Investing.com – Panic has resurfaced in the cryptocurrency market, which has suffered many setbacks and setbacks recently, following the crash of the FTX platform and its aftermath, with Bitcoin falling below the levels again of 17,000.
After a temporary recovery in the digital currency market, during which Bitcoin managed to rally to as high as $17,000, feelings of fear and panic have returned to the cryptocurrency market amid growing fears about the Fed’s next move.
Markets re-entered a wave of declines after composite data from Markit’s Purchasing Managers’ Index, factory orders, preceded by strong jobs data last Friday.
These data bolster the Fed’s ability to proceed with the monetary policy-tightening scenario, as it has come to confirm the US economy’s exit from the specter of recession, which drives risk appetite away from risky assets like stocks and currencies digital.
$40 billion lost
In the past few hours, digital currencies have lost more than $40 billion of their market value, dropping to levels close to $850 billion during these trading moments on Tuesday.
The market value of digital currencies rallied sharply during yesterday’s trading after approaching $875 billion levels, and a little while ago digital currencies fell sharply near $830 billion levels.
Fear and panic
Data from the Fear and Greed Index, which measures the psychology of traders in the market, revealed the resurgence of negative sentiments among traders, after a temporary improvement in recent days.
According to data from the Crypto Fear & Greed Index, the market has entered a new wave of panic, at record highs of 25 points, after climbing to levels close to 40 points as an average of last week’s trading.
During these moments, Bitcoin fell below $17,000 levels to levels close to $16,920,000, a drop of about 2%, as it recorded a price high at $17.3,000.
So far Bitcoin is up 3% in one week, while down 20% in one trading month, and 15% in sixty days, while down more than 64% year-to-date, with a market value of 327 billions of dollars.
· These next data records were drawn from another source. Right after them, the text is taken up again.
Lemma near_one_product_le_exp N : Rabs (P N) <= exp q.
Proof.
  assert (Hpartial : forall N, Rabs (P N) <= exp (q - q / 2 ^ N)).
  { intros N'; induction N' as [|N' IH].
    - rewrite P_0, Rabs_R1; simpl; replace (q - q / 1) with 0 by field; rewrite exp_0; lra.
    - assert (Hf : Rabs (f (S N')) <= exp (q / 2 ^ S N')).
      { apply Rle_trans with (2 := exp_ineq1_le _).
        replace (f (S N')) with (1 + (f (S N') - 1)) by ring.
        apply Rle_trans with (1 := Rabs_triang _ _); rewrite Rabs_R1.
        specialize (f_near_1 (S N')); lra. }
      replace (q - q / 2 ^ S N') with ((q - q / 2 ^ N') + q / 2 ^ S N')
        by (simpl; field; apply Rgt_not_eq, two_pow_pos).
      rewrite P_S, Rabs_mult, exp_plus.
      apply Rmult_le_compat; auto; apply Rabs_pos. }
  apply Rle_trans with (1 := Hpartial N), exp_le_compat.
  pose proof (Rdiv_le_0_compat q _ near_one_rate_nonneg (two_pow_pos N)); lra.
Qed.

Lemma near_one_product_step N : Rabs (P (S N) - P N) <= q * exp q / 2 ^ S N.
Proof.
  replace (P (S N) - P N) with (P N * (f (S N) - 1)) by (rewrite P_S; ring).
  rewrite Rabs_mult.
  replace (q * exp q / 2 ^ S N) with (exp q * (q / 2 ^ S N)) by (unfold Rdiv; ring).
  apply Rmult_le_compat; try apply Rabs_pos; auto using near_one_product_le_exp.
Qed.

Lemma near_one_product_Lim_error N : Rabs (real (Lim_seq P) - P N) <= q * exp q / 2 ^ N.
Proof. apply Lim_seq_error_of_geometric_steps, near_one_product_step. Qed.

End NearlyOneProducts.

Lemma sum_n_m_minus (f g : nat -> R) a b :
  sum_n_m (fun k => f k - g k) a b = sum_n_m f a b - sum_n_m g a b.
Proof.
  rewrite (sum_n_m_ext _ (fun k => plus (f k) (scal (-1) (g k))))
    by (intros; unfold plus, scal; simpl; unfold mult; simpl; ring).
  rewrite sum_n_m_plus, (sum_n_m_scal_l (K := R_Ring) (V := R_ModuleSpace)).
  unfold plus, scal; simpl; unfold mult; simpl.
  (* The sums carry convertible but syntactically different structures, which [ring] would treat as distinct atoms. *)
  change (ModuleSpace.AbelianMonoid R_Ring R_ModuleSpace) with R_AbelianMonoid; ring.
Qed.

Lemma prodm_except_lt m j0 N w : (N < j0)%nat -> prodm_except m j0 N w = prodm m N w.
Proof.
  induction N as [|N IH]; intros HN; [reflexivity|].
  change (prodm_except m j0 N w * (if Nat.eqb (S N) j0 then 1 else m (w / 2 ^ S N))
          = prodm m N w * m (w / 2 ^ S N)).
  rewrite IH by lia.
  destruct (Nat.eqb_spec (S N) j0); [lia | reflexivity].
Qed.

Lemma prodm_except_succ_ne m j0 N w : (j0 <> S N)%nat ->
  prodm_except m j0 (S N) w = prodm_except m j0 N w * m (w / 2 ^ S N).
Proof.
  intros Hne; change (prodm_except m j0 N w * (if Nat.eqb (S N) j0 then 1 else m (w / 2 ^ S N))
                      = prodm_except m j0 N w * m (w / 2 ^ S N)).
  destruct (Nat.eqb_spec (S N) j0); [lia | reflexivity].
Qed.

Lemma prodm_except_diag m N w : prodm_except m (S N) (S N) w = prodm m N w.
Proof.
  change (prodm_except m (S N) N w * (if Nat.eqb (S N) (S N) then 1 else m (w / 2 ^ S N))
          = prodm m N w).
  rewrite Nat.eqb_refl, prodm_except_lt by lia; ring.
Qed.

Section DyadicProduct.

Variables (m : R -> R) (D : R).
Hypothesis m_derivable : forall x, ex_derive m x.
Hypothesis Derive_m_le : forall x, Rabs (Derive m x) <= D.
Hypothesis m_0 : m 0 = 1.

Lemma Derive_bound_nonneg : 0 <= D.
Proof. apply Rle_trans with (2 := Derive_m_le 0), Rabs_pos. Qed.

Lemma abs_sub_1_le_Derive_bound x : Rabs (m x - 1) <= D * Rabs x.
Proof.
  rewrite <- m_0; replace (Rabs x) with (Rabs (x - 0)) by (rewrite Rminus_0_r; reflexivity).
  apply (bounded_variation m (Derive m)); intros t _.
  split; [apply Derive_correct, m_derivable | apply Derive_m_le].
Qed.

Definition prodm_derivative (n : nat) (w : R) : R :=
  sum_n_m (fun j => / 2 ^ j * Derive m (w / 2 ^ j) * prodm_except m j n w) 1 n.

Lemma is_derive_prodm n w : is_derive (prodm m n) w (prodm_derivative n w).
Proof.
  induction n as [|n IH].
  - unfold prodm_derivative; rewrite sum_n_m_zero by lia; apply (is_derive_const 1).
  - assert (Hfactor : is_derive (fun x => m (x / 2 ^ S n)) w (/ 2 ^ S n * Derive m (w / 2 ^ S n))).
    { apply (is_derive_comp m (fun x => x / 2 ^ S n)).
      - apply Derive_correct, m_derivable.
      - auto_derive; [exact I | apply Rmult_1_l]. }
    replace (prodm_derivative (S n) w)
      with (prodm_derivative n w * m (w / 2 ^ S n) + prodm m n w * (/ 2 ^ S n * Derive m (w / 2 ^ S n))).
    { exact (is_derive_mult _ _ _ _ _ IH Hfactor Rmult_comm). }
    unfold prodm_derivative; rewrite sum_n_Sm, prodm_except_diag by lia; symmetry.
    rewrite (sum_n_m_ext_loc _
      (fun j => mult (/ 2 ^ j * Derive m (w / 2 ^ j) * prodm_except m j n w) (m (w / 2 ^ S n))))
      by (intros j Hj; rewrite prodm_except_succ_ne by lia; unfold mult; simpl; ring).
    rewrite sum_n_m_mult_r; unfold plus, mult; simpl.
    (* As in [sum_n_m_minus]. *)
    change (Ring.AbelianMonoid R_Ring) with R_AbelianMonoid; ring.
Qed.

Variables (K w : R).
Hypothesis w_le_K : Rabs w <= K.

Let q := D * K.

Lemma infprod_except_error j0 N :
  Rabs (infprod_except m j0 w - prodm_except m j0 N w) <= q * exp q / 2 ^ N.
Proof.
  apply (near_one_product_Lim_error (fun N => if Nat.eqb N j0 then 1 else m (w / 2 ^ N))
    (fun N => prodm_except m j0 N w)); [reflexivity | reflexivity |].
  intros N'; destruct (Nat.eqb N' j0).
  - rewrite Rminus_eq_0, Rabs_R0.
    apply Rdiv_le_0_compat; [|apply two_pow_pos].
    pose proof Derive_bound_nonneg; pose proof (Rabs_pos w); unfold q; nra.
  - apply Rle_trans with (1 := abs_sub_1_le_Derive_bound _).
    pose proof (two_pow_pos N').
    unfold Rdiv; rewrite Rabs_mult, Rabs_inv, (Rabs_pos_eq (2 ^ N')) by lra.
    pose proof Derive_bound_nonneg; pose proof (Rinv_0_lt_compat _ (two_pow_pos N')).
    unfold q; rewrite Rmult_assoc; apply Rmult_le_compat_l; [lra | apply Rmult_le_compat_r; lra].
Qed.

Lemma infprod_except_abs_le j0 : Rabs (infprod_except m j0 w) <= 1 + q * exp q.
Proof.
  pose proof (infprod_except_error j0 0) as H; simpl in H.
  replace (infprod_except m j0 w) with ((infprod_except m j0 w - 1) + 1) by ring.
  apply Rle_trans with (1 := Rabs_triang _ _); rewrite Rabs_R1; lra.
Qed.

Let term j := / 2 ^ j * Derive m (w / 2 ^ j) * infprod_except m j w.

Lemma term_abs_le j : Rabs (term j) <= D * (1 + q * exp q) / 2 ^ j.
Proof.
  unfold term; pose proof (two_pow_pos j).
  rewrite !Rabs_mult, Rabs_inv, (Rabs_pos_eq (2 ^ j)) by lra.
  replace (D * (1 + q * exp q) / 2 ^ j) with (/ 2 ^ j * D * (1 + q * exp q)) by (field; lra).
  pose proof (Rinv_0_lt_compat _ (two_pow_pos j)).
  apply Rmult_le_compat; try apply Rmult_le_pos; try apply Rabs_pos; try lra;
    auto using infprod_except_abs_le.
  apply Rmult_le_compat_l; [lra | apply Derive_m_le].
Qed.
Bitcoin had managed to beat shocking expectations regarding the expansion of the bearish wave, to clear $17,000 levels during recent sessions, amid expectations to continue rising towards the $18,000 resistance.
Standard Chartered predicted in a note over the weekend a drop of around 70% to $5,000 in 2023., while many market experts expected Bitcoin to fall between levels between $10,000 and $5,000.
Instead, the losses of the second digital currency widened, falling by more than 3%, falling to levels of 1.25 thousand dollars, while still rising by 3.5% in a week, with a market value of 154 billion pounds .
Binance Coin fell to $288, down 3%, and dropped 2% to $0.38, while down more than 6% to $0.1.
It is down 4% to $0.31 levels, Polygon Matic is down 3% to $0.9 levels and down 4% to $5.4 levels, and Litecoin is down 5%.